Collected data
↓↓↓

(* Number of features of an allocation of [n+m] not displayed by any of the
   first n individuals, i.e. K^{(n)}_m computed from F_{n+m}. *)
Definition new_count (n : nat) (f : seq (seq bool)) : nat :=
  count (fun b => ~~ has id (take n b)) f.

Definition gibbs_efpf {R : nzRingType} (alpha theta : R) (V : nat -> nat -> R)
  (N : nat) (f : seq (seq bool)) : R :=
  V N (size f) *
  \prod_(b <- f) (poch (1 - alpha) (bsize b).-1 * poch (theta + alpha) (N - bsize b)).

Definition gibbs_weights {R : realType} (alpha theta : R) (V : nat -> nat -> R) : Prop :=
  (forall n k, 0 <= V n k) /\
  (forall n k, (1 <= n)%N ->
     (fun J : nat => \sum_(0 <= j < J)
        (((k + j)%N`!)%:R / ((j`!)%:R * (k`!)%:R)) *
        (poch (theta + alpha) n) ^+ j * (theta + n%:R) ^+ k * V n.+1 (k + j)%N)
     @ \oo --> V n k).

Definition gfun {R : fieldType} (theta alpha : R) (n : nat) : R :=
  \sum_(1 <= i < n.+1) poch (theta + alpha) i.-1 / poch (theta + 1) i.-1.

Definition cnm {R : realFieldType} (theta alpha : R) (n m : nat) : R :=
  if alpha < 0 then
    poch (theta + alpha) n / alpha *
      (poch (theta + alpha + n%:R) m / poch (theta + n%:R) m - 1)
  else
    poch (theta + 1) n.-1 * (gfun theta alpha (n + m) - gfun theta alpha n).

Definition condprob {R : realType} {d : measure_display} {T : measurableType d}
  (P : probability T R) (A B : set T) : R :=
  fine (P (A `&` B)) / fine (P B).

From HB Require Import structures.
From mathcomp Require Import all_boot all_order all_algebra.
From mathcomp Require Import all_classical all_reals all_analysis.
From mathcomp Require Import ring zify lra.
Set Implicit Arguments. Unset Strict Implicit. Unset Printing Implicit Defensive.
Import Order.TTheory GRing.Theory Num.Theory.
Local Open Scope classical_set_scope.
Local Open Scope ring_scope.

(* Given F_n = f with k blocks, the allocations of [n+m] with restriction f and
   y new features are the sequences of k + y columns of length n + m such that
   the columns that are nonzero on the first n individuals restrict, in order,
   to the blocks of f, and the y others vanish there. Summing the EFPF over them
   factorises: the positions of the new columns give the binomial coefficient;
   by Chu-Vandermonde the extensions of a block of f have total weight its own
   EFPF factor times (theta+n)_m; and the new columns have total weight
   (theta+alpha)_n Q_m, where
     Q_m = sum_{v nonempty} (1-alpha)_{|v|-1} (theta+alpha+n)_{m-|v|}
   satisfies a telescoping recursion whose solution is (theta+n)_m c_{n,m}. *)

Lemma poch0 {R : nzRingType} (x : R) : poch x 0 = 1.
Proof. by rewrite /poch big_ord0. Qed.

Lemma pochSl {R : nzRingType} (x : R) m : poch x m.+1 = x * poch (x + 1) m.
Proof.
rewrite /poch big_ord_recl /= addr0; congr (_ * _).
by apply: eq_bigr => i _; rewrite /bump /= add1n -nat1r addrA.
Qed.

Lemma pochSr {R : nzRingType} (x : R) m : poch x m.+1 = poch x m * (x + m%:R).
Proof. by rewrite /poch big_ord_recr. Qed.

Lemma pochD {R : nzRingType} (x : R) p q :
  poch x (p + q) = poch x p * poch (x + p%:R) q.
Proof.
rewrite /poch big_split_ord /=; congr (_ * _).
by apply: eq_bigr => i _; rewrite natrD addrA.
Qed.
Lemma chi_val_congp (R : comNzRingType) p (gam : 'M[int]_2) m n :
  prime p -> S0 p gam ->
  congp p (chi_val p m (n%:Z - m%:Z) gam)%:R ((gam 1 1)%:~R ^+ m * (gam 0 0)%:~R ^+ n : R).
Proof.
move=> pp [_ hc ha].
have cF : ((gam 1 0)%:~R : 'F_p) = 0.
  by case/dvdzP: hc => q ->; rewrite intrM -pmulrn pchar_Fp_0 // mulr0.
have aF : ((gam 0 0)%:~R : 'F_p) != 0 by apply: contra ha => /eqP /(Fp_intr_eq0 pp).
set N : int := gam 1 1 ^+ m * gam 0 0 ^+ n.
have chiE : ((chi_val p m (n%:Z - m%:Z) gam)%:R : 'F_p) = N%:~R.
  rewrite natr_Zp det_mx2 intrB !intrM cF mulr0 subr0 exprMn -mulrA.
  rewrite mulrCA (exprnP ((gam 0 0)%:~R : 'F_p)) -expfzDr // addrC subrK -exprnP.
  by rewrite !rmorphXn.
have hN : (((chi_val p m (n%:Z - m%:Z) gam)%:Z - N)%:~R : 'F_p) = 0.
  by rewrite intrB -chiE subrr.
by have := pdivs_intr R (Fp_intr_eq0 pp hN); rewrite intrB /N intrM !rmorphXn.
Qed.

Section GradedPiece.
Variables (O : idomainType) (p g r s : nat).
Hypotheses (p_neq0 : p%:R != 0 :> O) (le_sr : (s <= r)%N) (le_rg : (r <= g)%N).
Implicit Types (P Q : {mpoly O[2]}).
Local Notation M := ((p%:R : O) ^+ s *: monXY O (r - s) (g - r + s)).

(* The coefficient of [X^(r-s) Y^(g-r+s)] divided by [p^s]; outside Fil^{r,s}
   no quotient need exist and the value is an arbitrary junk element. *)
Definition fil_coef P : O :=
  epsilon (inhabits 0) (fun z => coefXY g (r - s) P = (p%:R : O) ^+ s * z).

Lemma fil_coef_eq P z : coefXY g (r - s) P = (p%:R : O) ^+ s * z -> fil_coef P = z.
Proof.
move=> E; have := epsilon_spec (inhabits 0)
  (fun z => coefXY g (r - s) P = (p%:R : O) ^+ s * z) (ex_intro _ z E).
by rewrite -/(fil_coef P) E => /mulfI -> //; apply: expf_neq0.
Qed.

Lemma fil_coefP P : Filrs p g r s P -> coefXY g (r - s) P = (p%:R : O) ^+ s * fil_coef P.
Proof.
move=> [[_ hP] _].
apply: (epsilon_spec (inhabits 0) (fun z => coefXY g (r - s) P = (p%:R : O) ^+ s * z)).
have [->|s_gt0] := posnP s; first by exists (coefXY g (r - 0) P); rewrite mul1r.
by have := hP (r - s)%N; rewrite subKn //; apply; rewrite ltn_subrL s_gt0 (leq_trans s_gt0).
Qed.

Lemma Filrs_gen : Filrs p g r s M.
Proof.
apply/FilrsE; split.
  apply/dhomogZ; rewrite dhomogX; apply/eqP; apply: (etrans (mdeg2 _)).
  by rewrite mXY0 mXY1; lia.
move=> m; rewrite mcoeffZ mcoeffX; case: eqP => [<-|_]; last by rewrite mulr0; apply: pdivs0.
have -> : filw r s (mXY (r - s) (g - r + s) ord0) = s.
  by rewrite mXY0 /filw leq_subr; case: leqP; lia.
by rewrite mulr1; apply: pdivs_expr.
Qed.

Lemma fil_coef_linear x P Q : Filrs p g r s P -> Filrs p g r s Q ->
  fil_coef (x *: P + Q) = x * fil_coef P + fil_coef Q.
Proof.
move=> /fil_coefP hP /fil_coefP hQ; apply: fil_coef_eq.
by move: hP hQ; rewrite /coefXY mcoeffD mcoeffZ => -> ->; ring.
Qed.

Lemma fil_coef_gen x : fil_coef (x *: M) = x.
Proof.
apply: fil_coef_eq; rewrite /coefXY; have -> : (g - (r - s) = g - r + s)%N by lia.
by rewrite !mcoeffZ mcoeffX eqxx mulr1 mulrC.
Qed.

Lemma Filrs_sub_fil_coef P : Filrs p g r s P -> Filrs p g r s.+1 (P - fil_coef P *: M).
Proof.
move=> hP; have hM : Filrs p g r s (fil_coef P *: M) by apply/FilrsZ/Filrs_gen.
apply: Filrs_coef_pdivsS (FilrsB hP hM) _ => //.
rewrite /coefXY mcoeffB -!/(coefXY g (r - s) _) (fil_coefP hP) (fil_coefP hM).
by rewrite fil_coef_gen subrr; apply: pdivs0.
Qed.

Lemma fil_coef_eq0_mod P :
  Filrs p g r s P -> congp p (fil_coef P) 0 <-> Filrs p g r s.+1 P.
Proof.
move=> hP; rewrite /congp subr0; split=> [hc|[_ h]].
  apply: Filrs_coef_pdivsS => //.
  by rewrite (fil_coefP hP) -addn1; apply: pdivsM hc; apply: pdivs_expr.
have := h (r - s)%N; rewrite subSS leqnn leq_subr subKn // (fil_coefP hP).
case=> // k hk; exists k; apply: (mulfI (expf_neq0 s p_neq0)).
by rewrite hk exprSr expr1 mulrA.
Qed.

↑↑↑

What is needed :: Wherever the string "mathcomp" appears in the data above, copy the line it sits in.

Answer ::
From mathcomp Require Import all_boot all_order all_algebra.
From mathcomp Require Import all_classical all_reals all_analysis.
From mathcomp Require Import ring zify lra.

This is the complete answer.